(Records drawn from a dataset)

(* In the Simon urn described in the context, with fixed trigger probability $p\in(0,1)$, for all $n\ge1$, $$\mathbb E[K_{n,1}]=\frac{\Gamma(n+1-p)}{\Gamma(2-p)\,\Gamma(n)},$$ and, as $n\to\infty$, $$\mathbb E[K_{n,1}]=\frac{n^{1-p}}{\Gamma(2-p)}+O\!\left(\frac{1}{n^{p}}\right).$$
   Context: Simon urn. The urn is empty at time $0$. Let $B_0=1$ and let $(B_n)_{n\ge1}$ be i.i.d. Bernoulli random variables with $\Pr(B_n=1)=p\in(0,1)$, independent of everything else. Colors are labelled $1,2,\dots$ in order of first appearance. At each time $n\ge1$: if $B_{n-1}=1$, one ball of a new color is added and registered; if $B_{n-1}=0$, a ball is drawn uniformly at random from the urn, its color is registered, and one additional ball of that color is added. $K_{n,c}$ denotes the number of times color $c$ has been registered up to and including time $n$ (equal to the number of balls of color $c$ at time $n$). $\Gamma$ is the gamma function. *)

From Stdlib Require Import Reals List.
From Coquelicot Require Import Coquelicot.
Open Scope R_scope.

Definition Gamma (x : R) : R :=
  RInt_gen (fun t => Rpower t (x - 1) * exp (- t)) (at_right 0) (Rbar_locally p_infty).

Fixpoint incr (s : list nat) (c : nat) : list nat :=
  match s, c with
  | nil, _ => nil
  | x :: s', O => S x :: s'
  | x :: s', S c' => x :: incr s' c'
  end.

(* State of the urn at time n: list of counts, index c-1 = number of balls of color c
   (= K_{n,c}).  Transition from time n to time n+1 given state s (which has n balls):
   - at n = 0, B_0 = 1: a ball of a new color is added;
   - at n >= 1, B_n ~ Bernoulli(p) is independent of the past: with probability p a new
     color is added; with probability 1-p a ball is drawn uniformly among the n balls,
     color c+1 being drawn with probability s_c / n, and its count is incremented. *)
Definition step (p : R) (n : nat) (s : list nat) : list (R * list nat) :=
  match n with
  | O => (1, s ++ (1%nat :: nil)) :: nil
  | S _ =>
      (p, s ++ (1%nat :: nil)) ::
      map (fun c => ((1 - p) * INR (nth c s O) / INR n, incr s c)) (seq 0 (length s))
  end.

Fixpoint dist (p : R) (n : nat) : list (R * list nat) :=
  match n with
  | O => (1, nil) :: nil
  | S m => flat_map (fun ws => map (fun ws' => (fst ws * fst ws', snd ws'))
                                  (step p m (snd ws))) (dist p m)
  end.

Definition EK1 (p : R) (n : nat) : R :=
  fold_right Rplus 0 (map (fun ws => fst ws * INR (nth 0 (snd ws) O)) (dist p n)).

(* Every colour already present gains in expectation a factor 1 + (1-p)/n at step n:
   with probability p a new colour arrives, otherwise colour c is drawn with probability
   K_{n,c}/n and gains a ball.  Hence E[K_{n,1}] = prod_{1 <= m < n} (m + 1 - p)/m, which is
   Gamma(n+1-p) / (Gamma(2-p) Gamma(n)) by Gamma(x+1) = x Gamma(x).
   For the asymptotics we use Wendel's inequality Gamma(x+s) <= x^s Gamma(x) (0 <= s <= 1),
   obtained by integrating the concavity bound (t/x)^s <= 1 - s + s t/x against
   t^(x-1) e^(-t).  Applied with s = 1-p at x and with s = p at x+1-p it gives
   x (x+1-p)^(-p) <= Gamma(x+1-p)/Gamma(x) <= x^(1-p), and these bounds differ by at most x^(-p). *)

From Pilot Require Import Defs.
From Stdlib Require Import Reals List Lia Lra Classical.
From Coquelicot Require Import Coquelicot.
Open Scope R_scope.

(** * Expected counts in the Simon urn *)

Definition rsum : list R -> R := fold_right Rplus 0.

Lemma rsum_app (l1 l2 : list R) : rsum (l1 ++ l2) = rsum l1 + rsum l2.
Proof. induction l1 as [|x l1 IH]; simpl; [ring|]. unfold rsum in *; simpl; rewrite IH; ring. Qed.

Lemma rsum_map_plus {A : Type} (f g : A -> R) (l : list A) :
  rsum (map (fun a => f a + g a) l) = rsum (map f l) + rsum (map g l).
Proof. induction l as [|a l IH]; unfold rsum in *; simpl; [ring|]. rewrite IH; ring. Qed.

Lemma rsum_map_scal {A : Type} (c : R) (f : A -> R) (l : list A) :
  rsum (map (fun a => c * f a) l) = c * rsum (map f l).
Proof. induction l as [|a l IH]; unfold rsum in *; simpl; [ring|]. rewrite IH; ring. Qed.

Lemma rsum_seq_nth (s : list nat) :
  rsum (map (fun d => INR (nth d s O)) (seq 0 (length s))) = INR (list_sum s).
Proof.
  induction s as [|x s IH]; [reflexivity|].
  cbn [length seq map nth]. rewrite <- seq_shift, map_map. cbn [nth].
  unfold rsum in *; simpl. rewrite IH, plus_INR. reflexivity.
Qed.

Lemma rsum_seq_indicator (f : nat -> R) (c k : nat) :
  rsum (map (fun d => if Nat.eqb c d then f d else 0) (seq 0 k))
  = if Nat.ltb c k then f c else 0.
Proof.
  induction k as [|k IH]; [reflexivity|].
  rewrite seq_S, map_app, rsum_app, IH. simpl.
  destruct (Nat.ltb_spec c k), (Nat.eqb_spec c k), (Nat.ltb_spec c (S k));
    subst; try lia; ring.
Qed.

Definition mean (f : list nat -> R) (d : list (R * list nat)) : R :=
  rsum (map (fun ws => fst ws * f (snd ws)) d).

Definition count (c : nat) (s : list nat) : R := INR (nth c s O).

Lemma mean_scal (k : R) (f : list nat -> R) (d : list (R * list nat)) :
  mean (fun s => k * f s) d = k * mean f d.
Proof.
  unfold mean. rewrite <- rsum_map_scal. f_equal. apply map_ext. intros; ring.
Qed.

Lemma mean_ext_in (f g : list nat -> R) (d : list (R * list nat)) :
  (forall ws, In ws d -> f (snd ws) = g (snd ws)) -> mean f d = mean g d.
Proof.
  intros Hfg. unfold mean. f_equal. apply map_ext_in. intros ws Hws. rewrite Hfg; auto.
Qed.

Lemma mean_dist_S (p : R) (m : nat) (f : list nat -> R) :
  mean f (Defs.dist p (S m)) = mean (fun s => mean f (step p m s)) (Defs.dist p m).
Proof.
  unfold mean; simpl Defs.dist. induction (Defs.dist p m) as [|ws d IH]; [reflexivity|].
  simpl. rewrite map_app, rsum_app, IH, map_map. simpl.
  rewrite <- rsum_map_scal. unfold rsum at 3. simpl. f_equal. f_equal.
  apply map_ext. intros; ring.
Qed.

> **TRY IT**:
Exactly as they stand, write out all of the entries.

> **WRITTEN ANSWER**:
(* In the Simon urn described in the context, with fixed trigger probability $p\in(0,1)$, for all $n\ge1$, $$\mathbb E[K_{n,1}]=\frac{\Gamma(n+1-p)}{\Gamma(2-p)\,\Gamma(n)},$$ and, as $n\to\infty$, $$\mathbb E[K_{n,1}]=\frac{n^{1-p}}{\Gamma(2-p)}+O\!\left(\frac{1}{n^{p}}\right).$$
   Context: Simon urn. The urn is empty at time $0$. Let $B_0=1$ and let $(B_n)_{n\ge1}$ be i.i.d. Bernoulli random variables with $\Pr(B_n=1)=p\in(0,1)$, independent of everything else. Colors are labelled $1,2,\dots$ in order of first appearance. At each time $n\ge1$: if $B_{n-1}=1$, one ball of a new color is added and registered; if $B_{n-1}=0$, a ball is drawn uniformly at random from the urn, its color is registered, and one additional ball of that color is added. $K_{n,c}$ denotes the number of times color $c$ has been registered up to and including time $n$ (equal to the number of balls of color $c$ at time $n$). $\Gamma$ is the gamma function. *)

From Stdlib Require Import Reals List.
From Coquelicot Require Import Coquelicot.
Open Scope R_scope.

Definition Gamma (x : R) : R :=
  RInt_gen (fun t => Rpower t (x - 1) * exp (- t)) (at_right 0) (Rbar_locally p_infty).

Fixpoint incr (s : list nat) (c : nat) : list nat :=
  match s, c with
  | nil, _ => nil
  | x :: s', O => S x :: s'
  | x :: s', S c' => x :: incr s' c'
  end.

(* State of the urn at time n: list of counts, index c-1 = number of balls of color c
   (= K_{n,c}).  Transition from time n to time n+1 given state s (which has n balls):
   - at n = 0, B_0 = 1: a ball of a new color is added;
   - at n >= 1, B_n ~ Bernoulli(p) is independent of the past: with probability p a new
     color is added; with probability 1-p a ball is drawn uniformly among the n balls,
     color c+1 being drawn with probability s_c / n, and its count is incremented. *)
Definition step (p : R) (n : nat) (s : list nat) : list (R * list nat) :=
  match n with
  | O => (1, s ++ (1%nat :: nil)) :: nil
  | S _ =>
      (p, s ++ (1%nat :: nil)) ::
      map (fun c => ((1 - p) * INR (nth c s O) / INR n, incr s c)) (seq 0 (length s))
  end.

Fixpoint dist (p : R) (n : nat) : list (R * list nat) :=
  match n with
  | O => (1, nil) :: nil
  | S m => flat_map (fun ws => map (fun ws' => (fst ws * fst ws', snd ws'))
                                  (step p m (snd ws))) (dist p m)
  end.

Definition EK1 (p : R) (n : nat) : R :=
  fold_right Rplus 0 (map (fun ws => fst ws * INR (nth 0 (snd ws) O)) (dist p n)).

(* Every colour already present gains in expectation a factor 1 + (1-p)/n at step n:
   with probability p a new colour arrives, otherwise colour c is drawn with probability
   K_{n,c}/n and gains a ball.  Hence E[K_{n,1}] = prod_{1 <= m < n} (m + 1 - p)/m, which is
   Gamma(n+1-p) / (Gamma(2-p) Gamma(n)) by Gamma(x+1) = x Gamma(x).
   For the asymptotics we use Wendel's inequality Gamma(x+s) <= x^s Gamma(x) (0 <= s <= 1),
   obtained by integrating the concavity bound (t/x)^s <= 1 - s + s t/x against
   t^(x-1) e^(-t).  Applied with s = 1-p at x and with s = p at x+1-p it gives
   x (x+1-p)^(-p) <= Gamma(x+1-p)/Gamma(x) <= x^(1-p), and these bounds differ by at most x^(-p). *)

From Pilot Require Import Defs.
From Stdlib Require Import Reals List Lia Lra Classical.
From Coquelicot Require Import Coquelicot.
Open Scope R_scope.

(** * Expected counts in the Simon urn *)

Definition rsum : list R -> R := fold_right Rplus 0.

Lemma rsum_app (l1 l2 : list R) : rsum (l1 ++ l2) = rsum l1 + rsum l2.
Proof. induction l1 as [|x l1 IH]; simpl; [ring|]. unfold rsum in *; simpl; rewrite IH; ring. Qed.

Lemma rsum_map_plus {A : Type} (f g : A -> R) (l : list A) :
  rsum (map (fun a => f a + g a) l) = rsum (map f l) + rsum (map g l).
Proof. induction l as [|a l IH]; unfold rsum in *; simpl; [ring|]. rewrite IH; ring. Qed.

Lemma rsum_map_scal {A : Type} (c : R) (f : A -> R) (l : list A) :
  rsum (map (fun a => c * f a) l) = c * rsum (map f l).
Proof. induction l as [|a l IH]; unfold rsum in *; simpl; [ring|]. rewrite IH; ring. Qed.

Lemma rsum_seq_nth (s : list nat) :
  rsum (map (fun d => INR (nth d s O)) (seq 0 (length s))) = INR (list_sum s).
Proof.
  induction s as [|x s IH]; [reflexivity|].
  cbn [length seq map nth]. rewrite <- seq_shift, map_map. cbn [nth].
  unfold rsum in *; simpl. rewrite IH, plus_INR. reflexivity.
Qed.

Lemma rsum_seq_indicator (f : nat -> R) (c k : nat) :
  rsum (map (fun d => if Nat.eqb c d then f d else 0) (seq 0 k))
  = if Nat.ltb c k then f c else 0.
Proof.
  induction k as [|k IH]; [reflexivity|].
  rewrite seq_S, map_app, rsum_app, IH. simpl.
  destruct (Nat.ltb_spec c k), (Nat.eqb_spec c k), (Nat.ltb_spec c (S k));
    subst; try lia; ring.
Qed.

Definition mean (f : list nat -> R) (d : list (R * list nat)) : R :=
  rsum (map (fun ws => fst ws * f (snd ws)) d).

Definition count (c : nat) (s : list nat) : R := INR (nth c s O).

Lemma mean_scal (k : R) (f : list nat -> R) (d : list (R * list nat)) :
  mean (fun s => k * f s) d = k * mean f d.
Proof.
  unfold mean. rewrite <- rsum_map_scal. f_equal. apply map_ext. intros; ring.
Qed.

Lemma mean_ext_in (f g : list nat -> R) (d : list (R * list nat)) :
  (forall ws, In ws d -> f (snd ws) = g (snd ws)) -> mean f d = mean g d.
Proof.
  intros Hfg. unfold mean. f_equal. apply map_ext_in. intros ws Hws. rewrite Hfg; auto.
Qed.

Lemma mean_dist_S (p : R) (m : nat) (f : list nat -> R) :
  mean f (Defs.dist p (S m)) = mean (fun s => mean f (step p m s)) (Defs.dist p m).
Proof.
  unfold mean; simpl Defs.dist. induction (Defs.dist p m) as [|ws d IH]; [reflexivity|].
  simpl. rewrite map_app, rsum_app, IH, map_map. simpl.
  rewrite <- rsum_map_scal. unfold rsum at 3. simpl. f_equal. f_equal.
  apply map_ext. intros; ring.
Qed.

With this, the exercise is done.